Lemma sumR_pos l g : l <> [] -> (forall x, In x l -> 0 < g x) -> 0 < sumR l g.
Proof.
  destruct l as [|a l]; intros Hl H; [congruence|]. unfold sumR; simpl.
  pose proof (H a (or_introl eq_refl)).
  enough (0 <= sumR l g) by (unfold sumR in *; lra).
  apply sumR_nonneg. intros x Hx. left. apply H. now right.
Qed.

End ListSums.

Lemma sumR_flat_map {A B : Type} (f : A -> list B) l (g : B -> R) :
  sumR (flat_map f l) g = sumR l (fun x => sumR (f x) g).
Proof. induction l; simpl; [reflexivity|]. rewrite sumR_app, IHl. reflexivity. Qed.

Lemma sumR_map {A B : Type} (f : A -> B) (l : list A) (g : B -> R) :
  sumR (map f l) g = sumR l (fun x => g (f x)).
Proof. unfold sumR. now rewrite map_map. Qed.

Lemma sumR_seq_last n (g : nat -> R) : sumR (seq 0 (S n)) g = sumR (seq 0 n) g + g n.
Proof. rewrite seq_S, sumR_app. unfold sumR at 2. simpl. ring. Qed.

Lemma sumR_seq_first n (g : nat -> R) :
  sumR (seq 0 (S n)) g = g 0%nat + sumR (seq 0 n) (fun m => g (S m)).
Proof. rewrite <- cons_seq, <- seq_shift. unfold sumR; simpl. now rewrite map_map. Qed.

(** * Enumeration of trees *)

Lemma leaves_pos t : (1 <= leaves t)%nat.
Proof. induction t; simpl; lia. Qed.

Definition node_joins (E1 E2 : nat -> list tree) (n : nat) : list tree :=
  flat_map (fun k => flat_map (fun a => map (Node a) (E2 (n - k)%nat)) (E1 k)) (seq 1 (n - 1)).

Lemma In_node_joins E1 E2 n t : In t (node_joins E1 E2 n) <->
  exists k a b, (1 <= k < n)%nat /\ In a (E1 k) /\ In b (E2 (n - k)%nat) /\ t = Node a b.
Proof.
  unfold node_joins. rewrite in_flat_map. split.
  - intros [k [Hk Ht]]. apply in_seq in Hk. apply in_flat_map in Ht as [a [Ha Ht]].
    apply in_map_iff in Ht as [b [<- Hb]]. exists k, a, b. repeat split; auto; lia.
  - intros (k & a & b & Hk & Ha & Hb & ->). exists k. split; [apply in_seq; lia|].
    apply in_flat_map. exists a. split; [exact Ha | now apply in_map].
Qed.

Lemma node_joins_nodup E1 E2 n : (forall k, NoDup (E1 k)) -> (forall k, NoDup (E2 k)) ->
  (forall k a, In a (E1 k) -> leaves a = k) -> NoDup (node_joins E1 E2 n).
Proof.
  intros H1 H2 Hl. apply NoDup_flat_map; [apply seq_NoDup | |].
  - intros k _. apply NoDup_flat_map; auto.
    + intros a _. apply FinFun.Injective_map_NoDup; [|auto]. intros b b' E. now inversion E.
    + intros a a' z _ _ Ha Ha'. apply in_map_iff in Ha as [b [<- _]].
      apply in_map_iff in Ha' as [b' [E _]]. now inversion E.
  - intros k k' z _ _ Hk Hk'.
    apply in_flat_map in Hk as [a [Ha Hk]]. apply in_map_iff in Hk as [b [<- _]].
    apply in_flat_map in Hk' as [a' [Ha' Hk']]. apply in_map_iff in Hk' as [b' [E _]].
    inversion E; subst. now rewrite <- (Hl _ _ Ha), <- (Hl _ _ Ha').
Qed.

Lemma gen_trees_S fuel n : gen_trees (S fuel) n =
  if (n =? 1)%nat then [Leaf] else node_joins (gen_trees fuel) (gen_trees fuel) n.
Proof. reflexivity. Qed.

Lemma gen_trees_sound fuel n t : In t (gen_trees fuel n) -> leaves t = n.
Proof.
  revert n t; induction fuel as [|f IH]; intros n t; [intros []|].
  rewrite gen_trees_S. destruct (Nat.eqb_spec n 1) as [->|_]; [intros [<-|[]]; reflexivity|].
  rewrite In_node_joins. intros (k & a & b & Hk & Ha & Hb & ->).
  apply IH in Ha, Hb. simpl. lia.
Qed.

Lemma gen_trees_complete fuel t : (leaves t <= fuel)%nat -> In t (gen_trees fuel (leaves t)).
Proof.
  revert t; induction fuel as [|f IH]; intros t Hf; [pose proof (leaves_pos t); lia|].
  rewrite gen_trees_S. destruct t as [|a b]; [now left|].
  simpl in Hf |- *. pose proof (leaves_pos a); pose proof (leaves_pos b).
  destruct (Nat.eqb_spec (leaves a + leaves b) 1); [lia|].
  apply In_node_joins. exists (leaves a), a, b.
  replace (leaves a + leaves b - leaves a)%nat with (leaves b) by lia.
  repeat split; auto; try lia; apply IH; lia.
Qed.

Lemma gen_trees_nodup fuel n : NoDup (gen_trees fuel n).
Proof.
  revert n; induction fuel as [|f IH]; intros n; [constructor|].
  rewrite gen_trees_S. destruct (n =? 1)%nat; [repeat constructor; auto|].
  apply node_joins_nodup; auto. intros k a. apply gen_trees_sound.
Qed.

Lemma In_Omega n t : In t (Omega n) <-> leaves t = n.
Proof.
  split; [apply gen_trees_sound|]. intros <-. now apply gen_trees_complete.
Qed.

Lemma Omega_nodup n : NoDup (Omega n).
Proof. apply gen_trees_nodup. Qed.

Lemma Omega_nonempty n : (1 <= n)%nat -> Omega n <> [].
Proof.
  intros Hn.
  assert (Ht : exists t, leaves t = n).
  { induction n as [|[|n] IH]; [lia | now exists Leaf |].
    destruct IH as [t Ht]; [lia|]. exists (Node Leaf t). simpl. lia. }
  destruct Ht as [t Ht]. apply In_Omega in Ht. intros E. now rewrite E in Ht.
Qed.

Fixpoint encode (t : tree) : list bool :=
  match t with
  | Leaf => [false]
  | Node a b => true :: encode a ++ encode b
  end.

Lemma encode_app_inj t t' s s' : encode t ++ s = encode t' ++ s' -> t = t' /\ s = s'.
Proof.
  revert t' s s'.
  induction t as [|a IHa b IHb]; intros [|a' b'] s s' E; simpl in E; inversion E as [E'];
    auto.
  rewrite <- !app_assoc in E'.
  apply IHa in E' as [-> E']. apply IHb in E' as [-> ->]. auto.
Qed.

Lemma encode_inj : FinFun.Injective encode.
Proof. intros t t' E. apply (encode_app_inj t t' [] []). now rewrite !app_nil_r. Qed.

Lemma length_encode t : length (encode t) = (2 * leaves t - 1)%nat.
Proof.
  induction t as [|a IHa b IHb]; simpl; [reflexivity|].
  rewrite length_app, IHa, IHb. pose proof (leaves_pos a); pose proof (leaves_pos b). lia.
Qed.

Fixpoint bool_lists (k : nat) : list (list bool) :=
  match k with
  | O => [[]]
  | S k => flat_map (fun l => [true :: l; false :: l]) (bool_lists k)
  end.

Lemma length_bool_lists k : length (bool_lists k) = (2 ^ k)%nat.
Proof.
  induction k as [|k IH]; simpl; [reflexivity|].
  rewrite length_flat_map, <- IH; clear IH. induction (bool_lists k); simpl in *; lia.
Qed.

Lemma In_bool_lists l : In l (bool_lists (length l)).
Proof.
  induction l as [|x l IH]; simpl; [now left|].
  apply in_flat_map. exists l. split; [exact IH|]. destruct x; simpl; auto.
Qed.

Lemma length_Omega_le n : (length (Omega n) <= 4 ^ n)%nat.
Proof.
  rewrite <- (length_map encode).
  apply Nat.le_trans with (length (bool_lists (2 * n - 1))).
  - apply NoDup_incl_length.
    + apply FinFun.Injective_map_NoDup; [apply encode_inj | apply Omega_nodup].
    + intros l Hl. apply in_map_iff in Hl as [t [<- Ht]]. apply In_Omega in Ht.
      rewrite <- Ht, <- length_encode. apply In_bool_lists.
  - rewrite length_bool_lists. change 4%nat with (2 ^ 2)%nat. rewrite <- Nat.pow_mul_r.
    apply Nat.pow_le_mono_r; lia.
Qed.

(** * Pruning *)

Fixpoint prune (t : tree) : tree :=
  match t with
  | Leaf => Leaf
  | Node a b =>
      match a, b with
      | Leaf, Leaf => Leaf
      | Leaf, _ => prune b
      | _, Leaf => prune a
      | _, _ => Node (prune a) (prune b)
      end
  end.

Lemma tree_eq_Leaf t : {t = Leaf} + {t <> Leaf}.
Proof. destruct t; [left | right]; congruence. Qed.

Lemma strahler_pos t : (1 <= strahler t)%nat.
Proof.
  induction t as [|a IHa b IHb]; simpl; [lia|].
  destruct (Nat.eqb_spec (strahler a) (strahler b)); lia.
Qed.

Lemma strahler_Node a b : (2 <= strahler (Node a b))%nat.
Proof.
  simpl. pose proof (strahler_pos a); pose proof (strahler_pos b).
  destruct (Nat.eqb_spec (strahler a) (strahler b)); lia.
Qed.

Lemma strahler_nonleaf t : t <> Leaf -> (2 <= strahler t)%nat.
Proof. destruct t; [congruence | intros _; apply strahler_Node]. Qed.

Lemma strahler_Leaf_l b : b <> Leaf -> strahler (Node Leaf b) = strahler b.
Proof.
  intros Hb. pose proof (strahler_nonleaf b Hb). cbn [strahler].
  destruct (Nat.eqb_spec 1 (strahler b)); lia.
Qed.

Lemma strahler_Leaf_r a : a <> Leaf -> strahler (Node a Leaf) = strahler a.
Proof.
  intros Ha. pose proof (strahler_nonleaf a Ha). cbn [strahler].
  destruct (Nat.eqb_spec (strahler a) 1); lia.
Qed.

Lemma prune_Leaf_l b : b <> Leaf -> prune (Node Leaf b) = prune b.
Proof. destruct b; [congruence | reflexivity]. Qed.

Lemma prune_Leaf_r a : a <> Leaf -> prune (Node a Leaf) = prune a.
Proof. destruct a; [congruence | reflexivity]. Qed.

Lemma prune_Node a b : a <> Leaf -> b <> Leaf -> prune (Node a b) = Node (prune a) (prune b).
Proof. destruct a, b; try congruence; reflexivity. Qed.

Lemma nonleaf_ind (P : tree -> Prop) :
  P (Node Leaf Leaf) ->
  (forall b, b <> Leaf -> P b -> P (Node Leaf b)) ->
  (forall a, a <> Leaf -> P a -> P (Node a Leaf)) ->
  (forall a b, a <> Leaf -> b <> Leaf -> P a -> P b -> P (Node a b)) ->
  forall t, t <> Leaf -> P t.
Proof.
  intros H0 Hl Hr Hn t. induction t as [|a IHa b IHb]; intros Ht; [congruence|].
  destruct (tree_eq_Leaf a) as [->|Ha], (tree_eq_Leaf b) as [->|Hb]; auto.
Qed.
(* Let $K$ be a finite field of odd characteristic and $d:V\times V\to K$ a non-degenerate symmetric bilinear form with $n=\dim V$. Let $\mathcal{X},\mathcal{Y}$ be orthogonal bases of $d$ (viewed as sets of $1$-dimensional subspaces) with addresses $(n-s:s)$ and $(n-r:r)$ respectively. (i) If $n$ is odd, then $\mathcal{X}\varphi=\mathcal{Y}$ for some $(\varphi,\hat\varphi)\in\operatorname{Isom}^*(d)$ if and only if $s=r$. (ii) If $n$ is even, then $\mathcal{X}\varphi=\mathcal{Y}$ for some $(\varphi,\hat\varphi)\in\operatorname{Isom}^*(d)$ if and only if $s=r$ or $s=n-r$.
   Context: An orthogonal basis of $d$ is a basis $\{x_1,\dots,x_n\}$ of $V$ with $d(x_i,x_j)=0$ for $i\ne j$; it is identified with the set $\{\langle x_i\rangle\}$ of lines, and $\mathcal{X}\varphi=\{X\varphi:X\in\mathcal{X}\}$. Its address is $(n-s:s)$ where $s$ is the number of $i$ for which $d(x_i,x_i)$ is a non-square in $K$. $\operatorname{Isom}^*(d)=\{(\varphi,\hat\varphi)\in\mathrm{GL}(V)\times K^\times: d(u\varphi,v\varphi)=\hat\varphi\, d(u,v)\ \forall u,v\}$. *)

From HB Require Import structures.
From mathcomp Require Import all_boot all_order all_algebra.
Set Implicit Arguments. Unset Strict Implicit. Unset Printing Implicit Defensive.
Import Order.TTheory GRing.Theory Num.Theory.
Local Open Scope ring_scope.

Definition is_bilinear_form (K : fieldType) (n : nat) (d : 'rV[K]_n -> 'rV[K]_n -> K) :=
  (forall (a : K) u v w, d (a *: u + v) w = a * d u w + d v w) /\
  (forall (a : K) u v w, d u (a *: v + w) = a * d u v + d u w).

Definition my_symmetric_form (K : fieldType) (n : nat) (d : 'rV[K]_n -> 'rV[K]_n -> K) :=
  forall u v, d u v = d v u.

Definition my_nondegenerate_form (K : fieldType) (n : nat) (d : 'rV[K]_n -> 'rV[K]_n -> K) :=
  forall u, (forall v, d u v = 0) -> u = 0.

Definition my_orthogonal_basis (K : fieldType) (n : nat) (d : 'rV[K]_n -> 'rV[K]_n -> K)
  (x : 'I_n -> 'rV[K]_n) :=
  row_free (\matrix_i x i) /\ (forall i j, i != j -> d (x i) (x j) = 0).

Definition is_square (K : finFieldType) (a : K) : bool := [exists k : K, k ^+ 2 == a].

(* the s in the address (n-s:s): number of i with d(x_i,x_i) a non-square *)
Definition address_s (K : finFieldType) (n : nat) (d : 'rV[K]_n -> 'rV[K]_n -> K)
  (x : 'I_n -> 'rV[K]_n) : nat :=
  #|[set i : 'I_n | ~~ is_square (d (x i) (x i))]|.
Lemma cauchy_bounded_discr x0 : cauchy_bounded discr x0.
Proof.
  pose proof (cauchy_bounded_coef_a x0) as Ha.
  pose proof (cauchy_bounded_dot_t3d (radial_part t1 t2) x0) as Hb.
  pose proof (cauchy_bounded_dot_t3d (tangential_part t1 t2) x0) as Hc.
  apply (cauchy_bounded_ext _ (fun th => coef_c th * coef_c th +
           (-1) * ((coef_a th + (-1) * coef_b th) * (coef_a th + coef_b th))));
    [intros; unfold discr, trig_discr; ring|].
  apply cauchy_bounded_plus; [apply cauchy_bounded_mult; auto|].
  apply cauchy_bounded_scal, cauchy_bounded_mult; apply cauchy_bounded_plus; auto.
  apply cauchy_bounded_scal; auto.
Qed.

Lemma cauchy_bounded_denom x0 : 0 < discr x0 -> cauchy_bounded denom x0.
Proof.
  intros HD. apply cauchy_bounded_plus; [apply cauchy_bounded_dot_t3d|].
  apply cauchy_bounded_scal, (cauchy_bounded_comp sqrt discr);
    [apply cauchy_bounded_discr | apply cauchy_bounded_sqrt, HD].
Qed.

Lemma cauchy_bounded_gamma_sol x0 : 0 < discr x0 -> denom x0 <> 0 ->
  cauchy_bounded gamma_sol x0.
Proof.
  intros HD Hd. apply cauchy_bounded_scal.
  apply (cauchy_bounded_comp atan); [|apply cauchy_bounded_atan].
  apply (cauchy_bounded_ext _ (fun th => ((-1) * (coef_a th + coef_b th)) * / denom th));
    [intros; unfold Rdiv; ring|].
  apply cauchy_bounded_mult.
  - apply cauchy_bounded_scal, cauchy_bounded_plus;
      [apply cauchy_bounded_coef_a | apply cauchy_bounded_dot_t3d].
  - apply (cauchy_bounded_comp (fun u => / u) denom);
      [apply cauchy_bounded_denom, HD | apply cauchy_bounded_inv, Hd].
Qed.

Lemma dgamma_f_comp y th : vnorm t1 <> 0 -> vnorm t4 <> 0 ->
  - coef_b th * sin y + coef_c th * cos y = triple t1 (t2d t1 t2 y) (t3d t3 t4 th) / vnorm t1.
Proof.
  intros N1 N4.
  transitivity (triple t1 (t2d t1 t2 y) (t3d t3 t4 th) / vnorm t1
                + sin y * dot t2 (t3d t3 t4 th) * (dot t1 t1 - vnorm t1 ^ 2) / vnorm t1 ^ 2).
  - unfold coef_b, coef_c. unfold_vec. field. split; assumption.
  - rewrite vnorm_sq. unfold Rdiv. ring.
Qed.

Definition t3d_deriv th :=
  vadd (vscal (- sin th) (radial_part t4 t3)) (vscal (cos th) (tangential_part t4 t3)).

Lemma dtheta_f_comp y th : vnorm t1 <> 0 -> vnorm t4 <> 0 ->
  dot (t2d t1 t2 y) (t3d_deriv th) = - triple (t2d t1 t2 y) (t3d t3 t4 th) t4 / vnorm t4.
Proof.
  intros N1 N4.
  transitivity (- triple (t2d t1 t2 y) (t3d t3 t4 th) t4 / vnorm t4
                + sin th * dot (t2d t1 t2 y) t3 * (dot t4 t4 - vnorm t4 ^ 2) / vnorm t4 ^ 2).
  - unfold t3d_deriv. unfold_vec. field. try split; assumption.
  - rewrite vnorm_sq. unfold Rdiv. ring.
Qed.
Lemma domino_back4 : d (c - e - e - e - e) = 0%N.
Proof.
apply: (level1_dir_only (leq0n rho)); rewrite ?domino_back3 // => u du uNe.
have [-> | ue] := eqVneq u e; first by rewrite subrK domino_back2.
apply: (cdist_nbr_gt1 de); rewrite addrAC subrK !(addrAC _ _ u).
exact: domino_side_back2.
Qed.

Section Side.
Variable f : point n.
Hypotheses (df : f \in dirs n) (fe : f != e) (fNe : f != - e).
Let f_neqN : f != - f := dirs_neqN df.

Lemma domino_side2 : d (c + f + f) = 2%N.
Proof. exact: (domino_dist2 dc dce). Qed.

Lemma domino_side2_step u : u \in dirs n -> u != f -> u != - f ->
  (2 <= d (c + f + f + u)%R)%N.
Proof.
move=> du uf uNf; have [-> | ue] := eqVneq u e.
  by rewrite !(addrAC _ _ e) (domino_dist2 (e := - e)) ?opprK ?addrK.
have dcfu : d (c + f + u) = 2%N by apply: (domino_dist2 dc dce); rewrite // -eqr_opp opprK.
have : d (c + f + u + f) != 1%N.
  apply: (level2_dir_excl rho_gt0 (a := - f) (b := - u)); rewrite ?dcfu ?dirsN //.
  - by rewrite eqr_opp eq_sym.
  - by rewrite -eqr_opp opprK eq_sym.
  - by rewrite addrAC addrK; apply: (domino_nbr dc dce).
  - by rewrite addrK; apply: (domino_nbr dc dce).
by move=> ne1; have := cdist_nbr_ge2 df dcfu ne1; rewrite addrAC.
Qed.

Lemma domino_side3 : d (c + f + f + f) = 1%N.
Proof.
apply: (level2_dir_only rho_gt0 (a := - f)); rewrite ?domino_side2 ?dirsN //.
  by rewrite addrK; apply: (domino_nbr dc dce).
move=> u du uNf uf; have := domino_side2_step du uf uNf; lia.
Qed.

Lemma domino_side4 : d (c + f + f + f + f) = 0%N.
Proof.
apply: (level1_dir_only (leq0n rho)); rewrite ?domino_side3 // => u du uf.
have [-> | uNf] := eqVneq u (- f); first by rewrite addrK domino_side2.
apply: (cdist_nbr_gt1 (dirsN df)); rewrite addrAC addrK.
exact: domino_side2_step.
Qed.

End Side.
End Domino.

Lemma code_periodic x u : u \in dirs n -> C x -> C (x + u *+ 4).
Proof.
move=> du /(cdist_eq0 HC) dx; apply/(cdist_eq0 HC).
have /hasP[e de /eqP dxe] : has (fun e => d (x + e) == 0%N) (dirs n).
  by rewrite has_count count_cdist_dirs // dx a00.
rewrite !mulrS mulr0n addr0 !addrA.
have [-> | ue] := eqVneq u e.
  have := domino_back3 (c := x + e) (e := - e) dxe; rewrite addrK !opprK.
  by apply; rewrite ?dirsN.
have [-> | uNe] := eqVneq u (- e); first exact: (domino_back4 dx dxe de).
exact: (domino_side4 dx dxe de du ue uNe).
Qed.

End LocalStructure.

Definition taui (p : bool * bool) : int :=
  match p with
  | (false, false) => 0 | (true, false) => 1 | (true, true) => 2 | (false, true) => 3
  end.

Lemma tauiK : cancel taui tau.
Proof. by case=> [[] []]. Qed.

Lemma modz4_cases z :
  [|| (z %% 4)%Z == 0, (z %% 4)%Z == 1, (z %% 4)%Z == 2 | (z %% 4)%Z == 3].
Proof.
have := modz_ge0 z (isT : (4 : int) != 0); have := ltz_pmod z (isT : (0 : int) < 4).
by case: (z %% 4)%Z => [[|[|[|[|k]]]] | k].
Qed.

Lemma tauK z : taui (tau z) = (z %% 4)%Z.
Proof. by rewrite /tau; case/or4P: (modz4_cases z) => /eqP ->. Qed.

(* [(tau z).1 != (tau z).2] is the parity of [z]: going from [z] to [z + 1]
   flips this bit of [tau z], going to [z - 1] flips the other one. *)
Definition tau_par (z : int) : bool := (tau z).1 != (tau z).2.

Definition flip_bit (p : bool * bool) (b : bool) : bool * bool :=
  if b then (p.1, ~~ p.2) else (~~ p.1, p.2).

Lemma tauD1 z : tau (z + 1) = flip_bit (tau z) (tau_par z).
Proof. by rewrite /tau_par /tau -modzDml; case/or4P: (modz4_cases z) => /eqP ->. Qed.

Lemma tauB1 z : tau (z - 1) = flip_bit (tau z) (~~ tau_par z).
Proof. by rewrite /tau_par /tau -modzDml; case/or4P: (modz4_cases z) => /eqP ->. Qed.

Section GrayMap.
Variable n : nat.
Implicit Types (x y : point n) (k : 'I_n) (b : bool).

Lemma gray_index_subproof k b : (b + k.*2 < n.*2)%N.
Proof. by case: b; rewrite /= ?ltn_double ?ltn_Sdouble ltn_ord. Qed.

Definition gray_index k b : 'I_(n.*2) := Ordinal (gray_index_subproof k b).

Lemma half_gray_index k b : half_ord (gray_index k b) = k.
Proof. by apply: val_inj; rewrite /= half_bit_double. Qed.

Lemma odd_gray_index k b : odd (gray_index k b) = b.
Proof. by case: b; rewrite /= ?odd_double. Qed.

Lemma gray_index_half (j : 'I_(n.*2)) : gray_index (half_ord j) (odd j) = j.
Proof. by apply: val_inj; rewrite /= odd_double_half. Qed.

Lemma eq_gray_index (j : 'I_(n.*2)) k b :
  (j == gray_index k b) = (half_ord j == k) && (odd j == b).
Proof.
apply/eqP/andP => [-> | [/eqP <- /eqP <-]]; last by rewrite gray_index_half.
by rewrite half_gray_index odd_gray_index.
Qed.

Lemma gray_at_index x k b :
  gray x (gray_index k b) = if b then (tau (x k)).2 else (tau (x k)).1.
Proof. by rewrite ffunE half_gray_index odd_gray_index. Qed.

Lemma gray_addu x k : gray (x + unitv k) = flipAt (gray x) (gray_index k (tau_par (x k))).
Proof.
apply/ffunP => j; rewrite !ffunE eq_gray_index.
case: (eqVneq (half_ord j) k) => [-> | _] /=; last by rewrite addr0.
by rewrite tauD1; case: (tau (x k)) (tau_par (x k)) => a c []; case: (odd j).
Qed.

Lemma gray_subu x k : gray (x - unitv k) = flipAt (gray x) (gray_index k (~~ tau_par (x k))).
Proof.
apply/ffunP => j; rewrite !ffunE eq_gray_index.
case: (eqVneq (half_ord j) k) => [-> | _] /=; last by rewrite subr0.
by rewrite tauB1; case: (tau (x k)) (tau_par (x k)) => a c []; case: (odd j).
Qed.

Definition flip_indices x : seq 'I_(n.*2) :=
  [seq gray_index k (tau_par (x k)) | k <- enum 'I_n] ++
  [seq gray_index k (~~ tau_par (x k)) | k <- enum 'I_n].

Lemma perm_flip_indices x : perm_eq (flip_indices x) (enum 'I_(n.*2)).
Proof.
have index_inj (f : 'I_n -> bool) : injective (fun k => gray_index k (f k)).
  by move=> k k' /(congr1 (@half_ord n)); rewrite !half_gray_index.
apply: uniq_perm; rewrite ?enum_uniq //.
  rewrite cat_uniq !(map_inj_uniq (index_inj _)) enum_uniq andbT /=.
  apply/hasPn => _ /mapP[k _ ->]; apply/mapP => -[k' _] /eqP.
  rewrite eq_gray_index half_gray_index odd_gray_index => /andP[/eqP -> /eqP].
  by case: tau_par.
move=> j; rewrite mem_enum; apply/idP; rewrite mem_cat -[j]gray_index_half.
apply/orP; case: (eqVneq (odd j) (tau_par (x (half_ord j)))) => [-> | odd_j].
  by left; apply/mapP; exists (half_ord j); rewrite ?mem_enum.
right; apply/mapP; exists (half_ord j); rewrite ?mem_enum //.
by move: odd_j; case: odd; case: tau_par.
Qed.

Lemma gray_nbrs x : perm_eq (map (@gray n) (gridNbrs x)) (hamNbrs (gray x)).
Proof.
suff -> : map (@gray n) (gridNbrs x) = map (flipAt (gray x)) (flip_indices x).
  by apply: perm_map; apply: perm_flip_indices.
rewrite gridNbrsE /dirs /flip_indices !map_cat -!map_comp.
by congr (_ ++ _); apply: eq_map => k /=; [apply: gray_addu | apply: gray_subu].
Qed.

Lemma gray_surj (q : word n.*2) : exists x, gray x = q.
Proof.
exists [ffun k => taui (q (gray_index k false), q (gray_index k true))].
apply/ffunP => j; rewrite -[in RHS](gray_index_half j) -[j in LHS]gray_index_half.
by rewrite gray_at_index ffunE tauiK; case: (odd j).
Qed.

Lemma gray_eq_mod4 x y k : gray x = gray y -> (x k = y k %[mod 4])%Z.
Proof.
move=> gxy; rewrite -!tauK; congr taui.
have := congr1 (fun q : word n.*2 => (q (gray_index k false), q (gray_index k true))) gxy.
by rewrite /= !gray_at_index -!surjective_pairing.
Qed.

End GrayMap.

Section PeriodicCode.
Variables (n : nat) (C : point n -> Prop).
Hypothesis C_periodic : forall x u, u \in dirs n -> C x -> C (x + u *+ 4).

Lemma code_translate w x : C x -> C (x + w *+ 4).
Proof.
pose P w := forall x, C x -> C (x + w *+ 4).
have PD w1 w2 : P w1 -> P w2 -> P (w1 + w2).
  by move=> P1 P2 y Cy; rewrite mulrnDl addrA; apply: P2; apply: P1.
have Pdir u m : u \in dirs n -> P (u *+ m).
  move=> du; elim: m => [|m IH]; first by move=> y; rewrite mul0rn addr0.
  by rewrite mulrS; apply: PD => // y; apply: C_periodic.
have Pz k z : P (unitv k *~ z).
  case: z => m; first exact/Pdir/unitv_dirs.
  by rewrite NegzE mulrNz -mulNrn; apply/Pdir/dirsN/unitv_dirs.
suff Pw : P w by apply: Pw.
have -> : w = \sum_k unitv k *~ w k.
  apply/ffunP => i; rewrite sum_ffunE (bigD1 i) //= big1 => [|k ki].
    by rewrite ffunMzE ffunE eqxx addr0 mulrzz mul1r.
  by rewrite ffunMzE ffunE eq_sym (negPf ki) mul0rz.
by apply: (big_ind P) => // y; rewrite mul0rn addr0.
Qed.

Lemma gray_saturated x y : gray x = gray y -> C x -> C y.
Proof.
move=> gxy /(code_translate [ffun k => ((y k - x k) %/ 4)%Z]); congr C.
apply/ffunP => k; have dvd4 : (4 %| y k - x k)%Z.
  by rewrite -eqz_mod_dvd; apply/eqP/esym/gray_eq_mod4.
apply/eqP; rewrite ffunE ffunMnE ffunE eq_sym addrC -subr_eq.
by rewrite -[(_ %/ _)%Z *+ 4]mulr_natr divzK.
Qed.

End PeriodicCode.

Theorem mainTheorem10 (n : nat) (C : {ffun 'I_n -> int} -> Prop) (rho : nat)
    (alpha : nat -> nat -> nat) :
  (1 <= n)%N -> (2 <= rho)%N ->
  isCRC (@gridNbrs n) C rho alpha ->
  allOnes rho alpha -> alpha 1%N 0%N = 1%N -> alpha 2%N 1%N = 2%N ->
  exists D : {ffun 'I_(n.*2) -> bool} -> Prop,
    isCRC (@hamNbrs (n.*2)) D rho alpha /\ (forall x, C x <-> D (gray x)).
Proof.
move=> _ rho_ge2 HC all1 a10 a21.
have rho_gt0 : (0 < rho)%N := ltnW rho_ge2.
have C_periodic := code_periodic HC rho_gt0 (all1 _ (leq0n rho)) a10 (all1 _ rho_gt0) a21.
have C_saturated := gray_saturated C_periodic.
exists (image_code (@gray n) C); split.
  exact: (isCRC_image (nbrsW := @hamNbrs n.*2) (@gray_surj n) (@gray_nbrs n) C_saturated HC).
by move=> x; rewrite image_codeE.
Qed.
★ ★ ★
ABOUT THIS EXERCISE:
Above are the entries. Copy exactly the part that opens with the line containing "End ListSums." and closes with the line containing "Proof. induction l;", and no more.

TASK RESPONSE:
End ListSums.

Lemma sumR_flat_map {A B : Type} (f : A -> list B) l (g : B -> R) :
  sumR (flat_map f l) g = sumR l (fun x => sumR (f x) g).
Proof. induction l; simpl; [reflexivity|]. rewrite sumR_app, IHl. reflexivity. Qed.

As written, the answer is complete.